1

I am trying to look at the tag of a in XML. I have my script running down to the dbReferences (there are several for an entry), but I only want to take the 'id' if the 'type' = "EC".

I am thinking of doing some type of if statement, where it will look at the 'type' of the dbReference before taking the id:

foreach $entry (@{$data->{entry}}) {         
        foreach $ref (@{$entry->{dbReference}}) {
            if($ref type ="EC"){
                #then print the id
            }
        }
 }

Edit: The entry XML would be formatted like this, with a lot of dbReferences in a row, that need to be checked:

<dbReference type="NCBI Taxonomy" id="9606"/>
<dbReference type="PubMed" id="8274401"/>
<dbReference type="EC" id="1.1.5.54"/>

Any ideas?

bforcer
  • 125
  • 1
  • 11
  • yu should write `if ($ref eq "EC")` – Jens May 24 '14 at 07:52
  • dbReference has a bunch of parameters, id, length, type, property, etc.
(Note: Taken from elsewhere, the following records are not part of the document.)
(* Let $\mathfrak{g}$ be a nilpotent Lie algebra over $\mathbb{R}$ of dimension $2p+1$ admitting a contact form, i.e. a linear form $\omega\in\mathfrak{g}^*$ with $\omega\wedge(d\omega)^p\neq 0$, where $d\omega(X,Y)=-\omega([X,Y])$. Then the quotient Lie algebra $\mathfrak{g}/Z(\mathfrak{g})$ (where $Z(\mathfrak{g})$ is the center of $\mathfrak{g}$) is a symplectic Lie algebra.
   Context: A symplectic Lie algebra is a Lie algebra $\mathfrak{h}$ equipped with a nondegenerate skew-symmetric bilinear form $\theta$ which is a $2$-cocycle, i.e. $\theta([X,Y],Z)+\theta([Y,Z],X)+\theta([Z,X],Y)=0$ for all $X,Y,Z\in\mathfrak{h}$. *)

From HB Require Import structures.
From mathcomp Require Import all_boot all_order all_algebra.
From mathcomp Require Import fingroup perm.
From mathcomp Require Import reals.
Set Implicit Arguments. Unset Strict Implicit. Unset Printing Implicit Defensive.
Import Order.TTheory GRing.Theory Num.Theory.
Local Open Scope ring_scope.

Section LieDefs.
Variables (R : realType) (V : vectType R).

Definition bilinear_map (W : lmodType R) (b : V -> V -> W) : Prop :=
  (forall a x y z, b (a *: x + y) z = a *: b x z + b y z) /\
  (forall a x y z, b x (a *: y + z) = a *: b x y + b x z).

Definition lie_bracket (br : V -> V -> V) : Prop :=
  bilinear_map br /\ (forall x, br x x = 0) /\
  (forall x y z, br x (br y z) + br y (br z x) + br z (br x y) = 0).

(* nilpotent: all left-normed brackets [x1,[x2,...,[xn,y]]] of some fixed
   length vanish, i.e. some term C^n g of the lower central series is 0 *)
Definition lie_nilpotent (br : V -> V -> V) : Prop :=
  exists n : nat, forall (xs : seq V) (y : V),
    size xs = n -> foldr (fun x acc => br x acc) y xs = 0.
How can I specify that I am testing type in the if statement? – bforcer May 24 '14 at 16:08
  • Can you please post an sample input and what you expacted? – Jens May 24 '14 at 16:15
  • I updated the main post with an edit of what the xml looks like. the code is already parsed with XML::Simple. I'm not sure how to access the type and id parameters of a the dbReference, as they're not in the body of a tag. – bforcer May 24 '14 at 16:31

2 Answers2

1

You could use XPath for that. This expression returns the id for all dbReference elements (in any nesting level) that have a type attribute equal to EC:

//dbReference[@type="EC"]/@id

Code snippet:

use XML::LibXML;

my $dom = XML::LibXML->new->parse_file('file.xml');
my $node = $dom->findnodes('//dbReference[@type="EC"]/@id');
print 'Result: '.$node;

You could adjust the expression with extra restrictions (ex: an absolute path to the node, or other attributes, node position, etc.) in case this doesn't return a unique value.

helderdarocha
  • 23,209
  • 4
  • 50
  • 65
  • can i incorporate the findnodes method to the for loop? That way I could keep the values for each entry together. – bforcer May 24 '14 at 16:44
  • Yes, but if you choose this solution you might want to use XPath for that as well, since it would be more efficient. You can return a set of nodes and loop on them. See the answer to [this question](http://stackoverflow.com/questions/2039143/how-can-i-access-attributes-and-elements-from-xmllibxml-in-perl?rq=1), for an example. – helderdarocha May 24 '14 at 16:49
  • can you explain how I would alter the registersNs line for my example, I don't see the point of that line. – bforcer May 24 '14 at 17:33
  • That's because his example uses a namespace so his element selectors need to be prefixed (`ns:tagname`) and the prefix needs to be mapped to a namespace. If your XML file does not declare a `xmlns` you don't need that. – helderdarocha May 24 '14 at 17:39
  • so the code you posted above should be storing the id of all dbReference tags that have the type ="EC". Correct? I added print $dom to the end of the code and it returns all my xml code – bforcer May 24 '14 at 17:42
  • Sorry. I didn't test it and forgot to assign the variable. I'll fix it. It's simpler now. It should print the ID. – helderdarocha May 24 '14 at 17:54
  • is there some way to store the id numbers in an array or something. I need to manipulate the ids further, so they need to be separate strings – bforcer May 24 '14 at 18:04
0

I guess yor input is somthing like

<xml>
<dbReference type="NCBI Taxonomy" id="9606"/>
<dbReference type="PubMed" id="8274401"/>
<dbReference type="EC" id="1.1.5.54"/>
<dbReference type="NCBI Taxonomy" id="9606"/>
<dbReference type="PubMed" id="8274401"/>
<dbReference type="EC" id="1.1.5.54"/>

so try:

my $ref = XMLin($String);


                #warn Dumper($ref);
       foreach $ref1 (keys %{$ref->{dbReference}}) {
            if($ref->{dbReference}->{$ref1}->{type} eq "EC"){
                #then print the id
                $ref1;
            }
        }
Jens
  • 67,715
  • 15
  • 98
  • 113